Philippines needs to spend more – Fitch
In a research note titled “New lockdowns may further erode the Philippines’ rating buffers,” Fitch said it is becoming more difficult for the national government to curtail spending as COVID-19 cases continue to soar.
AFP
Philippines needs to spend more – Fitch
Lawrence Agcaoili (The Philippine Star) - August 12, 2020 - 12:00am

MANILA, Philippines — The Philippines needs to spend more to soften the blow of the COVID-19 pandemic as the health crisis drags on, stalling economic recovery, according to Fitch Ratings.

In a research note titled “New lockdowns may further erode the Philippines’ rating buffers,” Fitch said it is becoming more difficult for the national government to curtail spending as COVID-19 cases continue to soar.

“The government’s record of macroeconomic management lends credibility to the projections, but curtailing pandemic-related spending may be difficult if the economy continues to contract and fails to recover as fast as the authorities expect. If the recovery stalls, there may be pressure for even more fiscal stimulus,” Fitch said.
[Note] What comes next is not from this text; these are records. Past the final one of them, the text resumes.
(* Under the standing assumptions, $G$ does not contain a vertex $v$ of degree $8$ together with pairwise distinct neighbours $x,u,y,z,w,t$ of $v$ and a vertex $p\notin\{v,x,u,y,z,w,t\}$ such that $xu,uy,zw,wt\in E(G)$, $p$ is adjacent to both $y$ and $z$, and $d(x)=d(y)=d(z)=d(t)=3$.
   Context: Standing assumptions: A total $9$-coloring of a graph is an assignment of colors from $\{1,\dots,9\}$ to the vertices and edges such that adjacent vertices, edges sharing an endpoint, and a vertex and an incident edge receive different colors. A $4$-fan is the graph on six vertices $c,u_1,\dots,u_5$ with edges $cu_j$ ($1\le j\le5$) and $u_ju_{j+1}$ ($1\le j\le4$). $G$ is a minimal counterexample: $G$ is a simple planar graph with maximum degree $8$, containing no subgraph isomorphic to a $4$-fan, that has no total $9$-coloring, and such that every simple planar graph $H$ with maximum degree at most $8$, no subgraph isomorphic to a $4$-fan, and $|V(H)|+|E(H)|<|V(G)|+|E(G)|$ has a total $9$-coloring. $d(\cdot)$ denotes degree in $G$. *)

From Stdlib Require Import Reals.
From mathcomp Require Import all_boot.

Set Implicit Arguments.
Unset Strict Implicit.
Unset Printing Implicit Defensive.

Section Drawing.
Local Open Scope R_scope.

Definition pt := (R * R)%type.

Definition dist_pt (a b : pt) : R := Rmax (Rabs (fst a - fst b)) (Rabs (snd a - snd b)).
(* Write T_i(f) for the automorphism x_i |-> x_i + f, where f does not involve
   x_i.  Such maps compose additively, and conjugating T_i(h) by T_l(g)
   substitutes x_l + g for x_l in h.  Hence the f with T_i(r f) in G for all r
   form an R-module M_i, stable under x_l |-> x_l + s g whenever all T_l(s g)
   lie in G.  Expanding (x_l + s g)^d and separating the powers of s by a
   Vandermonde determinant in 0, 1, ..., d (a unit since c! is) allows one to
   replace factors x_l of an element of M_i by g, one at a time.  Starting from
   the generators x_{i+1}^{e_i} in M_i, this yields alpha_{i;j}^{(t_{i,j})} by
   induction on the cyclic distance from i to j; going once more around the
   cycle, through x_{i+1}^{e_i - 1} x_{i+2}^{e_{i+1}}, multiplies in
   x_{i+1}^{E-1}, which gives the shifted exponents by induction on m.  The
   statement about P follows as M_i is an R-module. *)

From HB Require Import structures.
From mathcomp Require Import all_boot all_order all_algebra.
From mathcomp Require Import mpoly.
From mathcomp Require Import zify.
Set Implicit Arguments. Unset Strict Implicit. Unset Printing Implicit Defensive.
Import GRing.Theory.
Local Open Scope ring_scope.

Definition invertible (R : comNzRingType) (x : R) := exists y, y * x = 1.

Lemma invertibleM (R : comNzRingType) (x y : R) :
  invertible x -> invertible y -> invertible (x * y).
Proof. by move=> [a Ha] [b Hb]; exists (a * b); rewrite mulrACA Ha Hb mul1r. Qed.

Lemma invertible_natr_dvd (R : comNzRingType) (m N : nat) :
  invertible (N%:R : R) -> (m %| N)%N -> invertible (m%:R : R).
Proof.
by move=> [y Hy] /dvdnP [q def_N]; exists (y * q%:R); rewrite -mulrA -natrM -def_N.
Qed.

Section VandermondeExtraction.
Variables (R : comNzRingType) (V : lmodType R) (P : V -> Prop).
Hypotheses (P0 : P 0) (PD : forall x y, P x -> P y -> P (x + y))
  (PZ : forall a x, P x -> P (a *: x)).

(* The coefficients of a polynomial in s are recovered from its values at
   s = 0, 1, ..., d through the adjugate of the Vandermonde matrix, whose
   determinant is a product of differences 1, ..., d. *)
Lemma vandermonde_coef_closed (d : nat) (q : 'I_d.+1 -> V) :
  (forall k, (0 < k <= d)%N -> invertible (k%:R : R)) ->
  (forall s : R, P (\sum_(k < d.+1) s ^+ k *: q k)) -> forall k, P (q k).
Proof.
move=> inv_small Pvalues k.
pose a : 'rV[R]_d.+1 := \row_(j < d.+1) (j%:R : R).
pose W := Vandermonde d.+1 a.
have [y Hy] : invertible (\det W).
  rewrite det_Vandermonde.
  apply: (big_ind (@invertible R)); [by exists 1; rewrite mulr1 | exact: invertibleM |].
  move=> i _; apply: (big_ind (@invertible R)).
  - by exists 1; rewrite mulr1.
  - exact: invertibleM.
  move=> j lt_ij; rewrite !mxE -natrB 1?ltnW //; apply: inv_small.
  by rewrite subn_gt0 lt_ij leq_subLR -ltnS (leq_trans (ltn_ord j)) // ltnS leq_addl.
have adj_combination : \det W *: q k =
    \sum_(j < d.+1) (\adj W) j k *: (\sum_(l < d.+1) (a 0 j) ^+ l *: q l).
  transitivity (\sum_(l < d.+1) (W *m \adj W) l k *: q l).
    rewrite mul_mx_adj (bigD1 k) //= big1 ?addr0; first by rewrite !mxE eqxx mulr1n.
    by move=> l nlk; rewrite !mxE (negbTE nlk) mulr0n scale0r.
  rewrite (eq_bigr (fun l => \sum_(j < d.+1) (W l j * \adj W j k) *: q l)); last first.
    by move=> l _; rewrite !mxE scaler_suml.
  rewrite exchange_big /=; apply: eq_bigr => j _; rewrite scaler_sumr.
  by apply: eq_bigr => l _; rewrite scalerA mulrC !mxE.
rewrite -[q k]scale1r -Hy -scalerA adj_combination.
by apply/PZ; apply: (big_ind P P0 PD) => j _; apply/PZ.
Qed.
The Philippine economy   contracted by nine percent in the first semester after shrinking by a record 16.5 percent in the second quarter due  to the pandemic.

“We will continue to assess the authorities’ ability to adhere to the fiscal consolidation plans in their medium-term framework. Our baseline assumption that public debt will remain below the peer median level remains subject to risks, particularly those associated with the pandemic,” Fitch said.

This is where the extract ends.